One of the most important questions in HIV/hepatitis C virus (HCV)–coinfected patients is the relationship between exposure to antiretroviral therapy (ART) and liver fibrosis. Individual instances of ART-related liver toxicity are well documented, and liver enzyme levels increase to more than 5 times the upper limit of normal in approximately 10% of persons starting new ART.1 However, in some studies, HIV/HCV–coinfected persons taking ART actually had less liver disease.2, 3
As the letter from Macias and colleagues indicates, there are similarities and differences between the results of our studies and others.2–4 In a cohort of 210 HIV/HCV–coinfected persons, we failed to detect less or more liver fibrosis among persons treated with effective ART.5 This finding contrasts with the results of two other studies that suggested ART use might reduce liver fibrosis.2, 3 On the other hand, we did observe that longer and more effective ART was associated with decreased necroinflammatory activity. Because greater necroinflammatory activity was associated with more severe fibrosis in this study, it is possible that a link between ART and fibrosis will manifest itself as individuals have longer exposure to ART. Another difference is that Macias and colleagues observed more advanced fibrosis among those receiving nevirapine, but we failed to detect an association between any specific drug and fibrosis.4
Why the differences?
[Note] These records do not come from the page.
(* Every forest of order $n$ has at most $4^{n/5}$ perfect total dominating sets. The bound is attained by disjoint unions of stars on $5$ vertices ($K_{1,4}$).
   Context: A perfect total dominating set of a graph $G=(V,E)$ is a set $D\subseteq V$ such that every vertex of $V$ (whether in $D$ or not) has exactly one neighbour in $D$. Order = number of vertices. *)

From mathcomp Require Import all_boot.
Set Implicit Arguments. Unset Strict Implicit. Unset Printing Implicit Defensive.

Definition simple_graph (T : finType) (e : rel T) : Prop :=
  symmetric e /\ irreflexive e.

Definition has_cycle (T : finType) (e : rel T) : Prop :=
  exists p : seq T, [/\ uniq p, 3 <= size p & cycle e p].

Definition forest (T : finType) (e : rel T) : Prop :=
  simple_graph e /\ ~ has_cycle e.

Definition nbhd (T : finType) (e : rel T) (v : T) : {set T} := [set u | e v u].

Definition perfect_total_dominating (T : finType) (e : rel T) (D : {set T}) : bool :=
  [forall v, #|nbhd e v :&: D| == 1].

Definition num_ptds (T : finType) (e : rel T) : nat :=
  #|[set D : {set T} | perfect_total_dominating e D]|.

(* Disjoint union of k copies of the star K_{1,4}: vertices (i, a) with
   i : 'I_k the copy and a : 'I_5; vertex a = 0 is the centre. *)
Definition star_forest_edge (k : nat) : rel (prod (ordinal k) (ordinal 5)) :=
  fun x y => (x.1 == y.1) && ((val x.2 == 0) != (val y.2 == 0)).
Arguments star_forest_edge k : clear implicits.

From mathcomp Require Import all_boot zify.
Set Implicit Arguments. Unset Strict Implicit. Unset Printing Implicit Defensive.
The study populations themselves are different in ways that could affect the findings, because it is impossible to completely account for the multiple confounding factors such as alcohol use, duration of HCV infection, and ART. In these relatively small cross-sectional studies, these types of exposures are difficult to measure accurately. In addition, studies typically only measure these factors at one point in time, which is insufficient to fully account for the variability of these changing exposures.
Whereas the differences between studies remain unresolved, the evidence collectively suggests that ART does not adversely affect liver fibrosis among most HIV/HCV–coinfected patients. Prospective studies with longer follow-up are needed to infer causality from the suggested associations.